(* the X_i (i < N) are mutually independent: product rule for every
   finite family of events {X_i in B_i} (B_i = setT for unused indices) *)
Definition mutually_independent (N : nat) (X : nat -> Omega -> R) : Prop :=
  forall (B : nat -> set R), (forall i, measurable (B i)) ->
    P (\bigcap_(i in [set j | (j < N)%N]) (X i @^-1` B i)) =
    (\prod_(i < N) P (X i @^-1` B i))%E.

Definition identically_distributed (N : nat) (X : nat -> Omega -> R) : Prop :=
  forall i, (i < N)%N -> forall B : set R, measurable B ->
    P (X i @^-1` B) = P (X 0%N @^-1` B).

(* degeneracy:  E[ t_p(X_1,...,X_p) | X_2,...,X_p ] = 0 a.s., i.e. (by the
   defining property of conditional expectation, the variable being
   integrable) E[ T_{1..p} 1_G ] = 0 for every G in sigma(X_2,...,X_p),
   i.e. for every G = {(X_2,...,X_p) in A} with A Borel in R^(p-1). *)
Definition degenerate (t : forall p : nat, p.-tuple R -> R)
  (X : nat -> Omega -> R) (p : nat) : Prop :=
  forall A : set ((p.-1).-tuple R), measurable A ->
    ('E_P[fun w => (Tv t X p w * \1_(tailvec X p @^-1` A) w)%R] = 0)%E.

Definition beta (n : nat) (l : R -> R) (X : nat -> Omega -> R) : \bar R :=
  (n%:R%:E * 'E_P[fun w => (`|l (X 0%N w)| ^+ 3)%R])%E.

Definition gamma_s (n : nat) t X (s : nat) : \bar R :=
  ('C(n, s)%:R%:E * 'E_P[fun w => (Tv t X s w ^+ 2)%R])%E.

Definition gamma (n k : nat) t X : \bar R :=
  (\sum_(1 <= s < k.+1) gamma_s n t X s)%E.

Definition gamma_sa (n : nat) t X (alpha : R) (s : nat) : \bar R :=
  ('C(n, s)%:R%:E * 'E_P[fun w => (`|Tv t X s w| `^ alpha)%R])%E.

Definition gamma_a (n k : nat) t X (alpha : R) : \bar R :=
  (\sum_(1 <= s < k.+1) gamma_sa n t X alpha s)%E.

Definition kappa (n : nat) (l : R -> R) t X (s : nat) : \bar R :=
  ('C(n, s)%:R%:E *
   'E_P[fun w => ((\prod_(i < s) l (X (val i) w)) * Tv t X s w)%R])%E.

End defs.

From HB Require Import structures.
From mathcomp Require Import all_boot all_order all_algebra.
From mathcomp Require Import all_classical all_reals all_analysis.
From mathcomp Require Import measurable_realfun ring lra.

(* Everything comes from Hoelder's inequality.  Lyapunov's inequality
   (E L^2)^3 <= (E|L|^3)^2 gives (a), and interpolating E|L|^q between the
   second and third moments gives (b).  For (c) and (d), Hoelder with conjugate
   exponents (p, q) bounds |kappa_s| by C(n,s) (E|L_1...L_s|^p)^(1/p) (E|T|^q)^(1/q);
   independence turns E|L_1...L_s|^p into (E|L|^p)^s, and C(n,s) <= n^s with (b)
   controls the first factor.  Part (c) is the case p = q = 2; part (d) takes
   q = alpha, p = alpha/(alpha-1) in [2, 3] and finishes with Young's inequality. *)

Set Implicit Arguments.
Unset Strict Implicit.
Unset Printing Implicit Defensive.

Import Order.TTheory GRing.Theory Num.Theory.
Local Open Scope classical_set_scope.
Local Open Scope ring_scope.

Section weighted_transfer.
Local Open Scope ereal_scope.
Context {d} {T : measurableType d} {R : realType} (mu : {measure set T -> \bar R}).
Import HBNNSimple.

Lemma integral_weighted_nnsfun (G f : T -> R) (phi : {nnsfun R >-> R}) :
  measurable_fun setT G -> measurable_fun setT f -> (forall w, (0 <= G w)%R) ->
  \int[mu]_w (G w * phi (f w))%:E =
  \sum_(r \in range phi) (r%:E * \int[mu]_w (G w * \1_(phi @^-1` [set r]) (f w))%:E).
Proof.
move=> mG mf G0.
have mI r : measurable_fun setT (fun w => \1_(phi @^-1` [set r]) (f w) : R).
  exact: measurableT_comp (measurable_indic (measurable_funPTI _ _)) mf.
transitivity (\int[mu]_w \sum_(r \in range phi)
    (r * (G w * \1_(phi @^-1` [set r]) (f w)))%:E).
  apply: eq_integral => w _; rewrite fsumEFin// fimfunE mulr_fsumr.
  by congr (_%:E); apply: eq_fsbigr => r _; rewrite mulrCA.
rewrite ge0_integral_fsum//; last 2 first.
- by move=> r; apply/measurable_EFinP; do 2 apply: measurable_funM => //.
- move=> r w _; rewrite lee_fin indicE.
  have [/set_mem /= <-|_] := boolP (f w \in phi @^-1` [set r]).
    by rewrite mulr1 mulr_ge0.
  by rewrite !mulr0.
apply: eq_fsbigr => r /set_mem [x _ <-].
under eq_integral do rewrite EFinM.
rewrite ge0_integralZl_EFin//.
- by move=> w _; rewrite lee_fin mulr_ge0 // indicE.
- by apply/measurable_EFinP; apply: measurable_funM.
Qed.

#### The problem
Where the data above reaches the line holding "Definition identically_distributed (N", begin printing, and stop after the line holding "controls the first". Each line must be reproduced exactly, with nothing else added.

#### Finished task
Definition identically_distributed (N : nat) (X : nat -> Omega -> R) : Prop :=
  forall i, (i < N)%N -> forall B : set R, measurable B ->
    P (X i @^-1` B) = P (X 0%N @^-1` B).

(* degeneracy:  E[ t_p(X_1,...,X_p) | X_2,...,X_p ] = 0 a.s., i.e. (by the
   defining property of conditional expectation, the variable being
   integrable) E[ T_{1..p} 1_G ] = 0 for every G in sigma(X_2,...,X_p),
   i.e. for every G = {(X_2,...,X_p) in A} with A Borel in R^(p-1). *)
Definition degenerate (t : forall p : nat, p.-tuple R -> R)
  (X : nat -> Omega -> R) (p : nat) : Prop :=
  forall A : set ((p.-1).-tuple R), measurable A ->
    ('E_P[fun w => (Tv t X p w * \1_(tailvec X p @^-1` A) w)%R] = 0)%E.

Definition beta (n : nat) (l : R -> R) (X : nat -> Omega -> R) : \bar R :=
  (n%:R%:E * 'E_P[fun w => (`|l (X 0%N w)| ^+ 3)%R])%E.

Definition gamma_s (n : nat) t X (s : nat) : \bar R :=
  ('C(n, s)%:R%:E * 'E_P[fun w => (Tv t X s w ^+ 2)%R])%E.

Definition gamma (n k : nat) t X : \bar R :=
  (\sum_(1 <= s < k.+1) gamma_s n t X s)%E.

Definition gamma_sa (n : nat) t X (alpha : R) (s : nat) : \bar R :=
  ('C(n, s)%:R%:E * 'E_P[fun w => (`|Tv t X s w| `^ alpha)%R])%E.

Definition gamma_a (n k : nat) t X (alpha : R) : \bar R :=
  (\sum_(1 <= s < k.+1) gamma_sa n t X alpha s)%E.

Definition kappa (n : nat) (l : R -> R) t X (s : nat) : \bar R :=
  ('C(n, s)%:R%:E *
   'E_P[fun w => ((\prod_(i < s) l (X (val i) w)) * Tv t X s w)%R])%E.

End defs.

From HB Require Import structures.
From mathcomp Require Import all_boot all_order all_algebra.
From mathcomp Require Import all_classical all_reals all_analysis.
From mathcomp Require Import measurable_realfun ring lra.

(* Everything comes from Hoelder's inequality.  Lyapunov's inequality
   (E L^2)^3 <= (E|L|^3)^2 gives (a), and interpolating E|L|^q between the
   second and third moments gives (b).  For (c) and (d), Hoelder with conjugate
   exponents (p, q) bounds |kappa_s| by C(n,s) (E|L_1...L_s|^p)^(1/p) (E|T|^q)^(1/q);
   independence turns E|L_1...L_s|^p into (E|L|^p)^s, and C(n,s) <= n^s with (b)
   controls the first factor.  Part (c) is the case p = q = 2; part (d) takes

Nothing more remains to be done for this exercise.